Over an average follow-up of 2.6 years, 100 cases of EAC developed: 3 in patients with nondysplastic Barrett’s esophagus at baseline (0.5 per 1000 person-years), 2 in indefinite dysplasia (2.1 per 1000 person-years), 11 in LGD (3.9 per 1000 person-years), and 84 in patients with HGD (30.2 per 1000 person-years). In patients starting treatment without EAC and receiving at least one RFA treatment, the rate of EAC was 7.8 per 1000 person-years. This represents a decrease of at least 50% in every histologic grade compared with historical results and meta-analyses [9,10].

A second abstract from the Registry demonstrated that most cancers after RFA were intramucosal (56%), and that the majority of those were able to achieve complete eradication of intestinal metaplasia with further endoscopic therapy (69%) [11]. In the Registry cohort, 8 of 5521 patients died of EAC, 6 of whom had HGD at baseline and 2 with intramucosal adenocarcinoma at baseline. The overall mortality rate from EAC was 0.6 per 1000 person-years. These results demonstrate that EAC and death from EAC were rare events after treatment with RFA, that the majority of patients who developed EAC after treatment with RFA had HGD at baseline, and that all patients who died of EAC had HGD or intramucosal adenocarcinoma at baseline. Compared with historical controls, EAC incidence was diminished in every histology grade, with a reduction of 50% among patients presenting with HGD and up to an order of magnitude reduction at lower histologic grades.

GERD

Electrical stimulation therapy (EST) of the lower esophageal sphincter (LES) is a novel therapy to increase the tone of the LES with the goal of reducing reflux events and esophageal acid exposure. A multicenter group examined patients with GERD that was partially responsive to PPI (>5 point improvement in GERD Health-Related Quality of Life [HRQL] on PPI) [12]. Included patients had an LES end expiratory pressure of >5 mmHg, esophageal acid exposures of at least 5% of pH-metry time with pH <4, hiatal hernia <3 cm, and Los Angeles grade of esophagitis lower than grade C [12]. In 33 patients who met these criteria, an electrical stimulator was implanted laparoscopically, with electrodes placed on the serosal surface of the gastroesophageal junction.
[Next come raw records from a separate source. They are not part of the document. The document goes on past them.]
Lemma sesq_conj T u w : (forall v, 0 <= sesq T v v) -> sesq T w u = (sesq T u w)^*.
Proof.
move=> Tpos; set a := sesq T u w; set b := sesq T w u.
have cu := geC0_conj (Tpos u); have cw := geC0_conj (Tpos w).
have E1 : a^* + b^* = a + b.
  have h := geC0_conj (Tpos (fun k => u k + 1 * w k)).
  rewrite sesq_expand rmorph1 !mul1r !rmorphD /= cu cw -/a -/b in h.
  apply: (addrI (sesq T u u)); apply: (addIr (sesq T w w)); rewrite !addrA; exact: h.
have E2 : 'i * a^* + (- 'i) * b^* = - 'i * a + 'i * b.
  have h := geC0_conj (Tpos (fun k => u k + 'i * w k)).
  rewrite sesq_expand conjCi mulrN -expr2 sqrCi opprK mul1r -/a -/b in h.
  rewrite !rmorphD /= cu cw !rmorphM /= rmorphN /= conjCi opprK in h.
  move: h; rewrite -!addrA => /addrI; rewrite !addrA => /addIr.
  by rewrite mulNr.
have E3 : a^* - b^* = b - a.
  by apply: (mulfI (neq0Ci C)); rewrite mulrBr -mulNr E2; ring.
have : 2%:R * (b - a^*) = 0.
  have -> : 2%:R * (b - a^*) = (a + b - (a^* + b^*)) - (a^* - b^* - (b - a)) by ring.
  by rewrite E1 E3 !subrr.
by move/eqP; rewrite mulf_eq0 pnatr_eq0 /= subr_eq0 => /eqP.
Qed.

Lemma sesq_null T u w :
  (forall v, 0 <= sesq T v v) -> sesq T u u = 0 -> sesq T u w = 0.
Proof.
move=> Tpos Tu; set a := sesq T u w; set g := sesq T w w.
have g_ge0 : 0 <= g := Tpos w.
(* expand the form at [u - x a w], with [0 < x] small enough that [x g < 2] *)
set x := (g + 1)^-1.
have x_gt0 : 0 < x by rewrite invr_gt0 ltr_wpDl.
have xg_lt2 : x * g - 2%:R < 0.
  rewrite subr_lt0; apply: (@le_lt_trans _ _ 1); last by rewrite ltr1n.
  by rewrite mulrC ler_pdivrMr ?ltr_wpDl // mul1r lerDl.
have := Tpos (fun k => u k + - (x * a) * w k).
rewrite sesq_expand Tu (sesq_conj u w Tpos) -/a -/g !rmorphN !rmorphM /=.
rewrite (geC0_conj (ltW x_gt0)).
have -> : 0 + - (x * a^*) * a + - (x * a) * a^* + - (x * a) * - (x * a^*) * g =
          (a * a^*) * (x * (x * g - 2%:R)) by ring.
have coef_lt0 : x * (x * g - 2%:R) < 0 by rewrite pmulr_rlt0.
have := mul_conjC_ge0 a; rewrite le_eqVlt => /orP[|aa_gt0].
  by rewrite eq_sym mul_conjC_eq0 => /eqP.
by rewrite pmulr_rge0 // => /(lt_le_trans coef_lt0); rewrite ltxx.
Qed.
(* Let $(s_1,l_1,\alpha_1),\ldots,(s_i,l_i,\alpha_i)$ be the first $i$ tuples of the LZ77 parse (without self-references) of a string $S$. Then $s_i$ and $l_i$ can each be written in binary with $i$ bits.
   Context: The LZ77 parse of $S$ divides $S$ greedily from left to right into phrases. The $j$-th phrase, starting at position $u_j$, is the longest substring having an occurrence starting to the left of $u_j$, followed by the next symbol. It is represented by $(s_j,l_j,\alpha_j)$, where $s_j$ is the start position of that earlier occurrence, $l_j$ its length, and $\alpha_j=S[u_j+l_j]$. We have $s_1=l_1=0$, $u_1=1$, $e_j=u_j+l_j$, and $u_j=e_{j-1}+1$. Without self-references, $s_j+l_j\le u_j$. *)

(* Strings are sequences over an eqType;
   positions are 1-indexed as in the paper: S[p] = nth _ S p.-1, and the
   substring of length l starting at position p is  take l (drop p.-1 S). *)
From mathcomp Require Import all_boot.
Set Implicit Arguments. Unset Strict Implicit. Unset Printing Implicit Defensive.

Definition substr (T : Type) (S : seq T) (p l : nat) : seq T :=
  take l (drop p.-1 S).

(* [s, s+l-1] is an occurrence, starting at s >= 1 to the left of u and
   without self-reference (s + l <= u), of S[u .. u+l-1]. *)
Definition earlier_occ (T : eqType) (S : seq T) (u s l : nat) : Prop :=
  1 <= s /\ s + l <= u /\ substr S s l = substr S u l.

(* (s, l, a) is the LZ77 phrase (without self-references) starting at u:
   l is the largest length of a substring starting at u that has an earlier
   non-self-referencing occurrence and is followed by a symbol of S;
   s is the start of such an occurrence (s = 0, i.e. any s <= u, when l = 0);
   a = S[u + l]. *)
Definition lz77_phrase (T : eqType) (S : seq T) (u : nat) (p : nat * nat * T) : Prop :=
  let: (s, l, a) := p in
  [/\ 1 <= u, u + l <= size S, nth a S (u + l).-1 = a,
      (if 0 < l then earlier_occ S u s l else s + l <= u)
    & forall s' l', earlier_occ S u s' l' -> u + l' <= size S -> l' <= l].

Fixpoint lz77_prefix (T : eqType) (S : seq T) (u : nat) (t : seq (nat * nat * T)) : Prop :=
  match t with
  | [::] => True
  | p :: t' => lz77_phrase S u p /\ lz77_prefix S (u + p.1.2).+1 t'
  end.

(* A phrase starting at u copies from an occurrence that ends before u, so
   s <= u and l < u; hence the next phrase starts at u + l + 1 <= 2u.  The
   i-th phrase therefore starts at u_i <= 2^(i-1), and s_i, l_i < 2^i. *)
From mathcomp Require Import all_boot.
From mathcomp Require Import zify.

Lemma lz77_phrase_bound (T : eqType) (S : seq T) (u s l : nat) (a : T) :
  lz77_phrase S u (s, l, a) -> s <= u /\ l < u.
Proof.
case=> u_gt0 _ _ occ _.
case: (posnP l) occ => [->|_]; first by rewrite addn0; lia.
by case=> s_ge1 [sl_le _]; lia.
Qed.

Lemma lz77_phrase_next_le (T : eqType) (S : seq T) (u : nat) (p : nat * nat * T) :
  lz77_phrase S u p -> (u + p.1.2).+1 <= u.*2.
Proof. by case: p => [[s l] a] /lz77_phrase_bound [_ l_lt] /=; lia. Qed.

Lemma lz77_prefix_rcons (T : eqType) (S : seq T) (t : seq (nat * nat * T))
    (p : nat * nat * T) (u : nat) :
  lz77_prefix S u (rcons t p) ->
  exists2 v, v <= u * 2 ^ size t & lz77_phrase S v p.
Proof.
elim: t u => [|q t IH] u /=; first by case=> ph _; exists u; rewrite ?muln1.
case=> /lz77_phrase_next_le next_le /IH [v v_le ph]; exists v => //.
apply: (leq_trans v_le).
by rewrite expnS mulnA leq_mul2r muln2 next_le orbT.
Qed.

Theorem lemma5 (T : eqType) (S : seq T) (t : seq (nat * nat * T))
  (s l : nat) (a : T) :
  lz77_prefix S 1 (rcons t (s, l, a)) ->
  s < 2 ^ (size t).+1 /\ l < 2 ^ (size t).+1.
Proof.
case/lz77_prefix_rcons=> v; rewrite mul1n => v_le /lz77_phrase_bound [s_le l_lt].
have pow_lt : 2 ^ size t < 2 ^ (size t).+1 by rewrite ltn_exp2l.
by split; lia.
Qed.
Stimulation was provided at 30-minute intervals 12 times per day, at 20 Hz and 5 mAmp.

From an on-PPI GERD HRQL median score of 16, patients improved to a median of 5 at 3 months which persisted at 6 months (Fig. 3). Median percentage of time with pH <4 improved from 10% at baseline to 4% at 3 months and 5% at 6 months. Notably, 89% of patients were off PPIs at 6 months. There was a relatively high frequency of adverse events, with 89 adverse events occurring in 27 patients. However, none were unanticipated, and most were typical of a surgical implant procedure, including incisional discomfort and postoperative nausea. A total of 36 adverse events were related to the device, procedure, or therapy. There were two serious adverse events: a small-bowel perforation during implantation and an atrioventricular re-entrant tachycardia requiring ablation (described as not related to the device or procedure). Other adverse events included pocket pain and dysphagia.

Although these results demonstrate impressive effectiveness in reducing symptoms, acid exposure, and PPI use, additional investigation is required to determine the role of this device in clinical practice. Given the high prevalence of GERD that is incompletely responsive to PPI therapy, alternative therapies for this group are desirable, and early data on this procedure suggest that a device such as the one investigated here may be a viable alternative.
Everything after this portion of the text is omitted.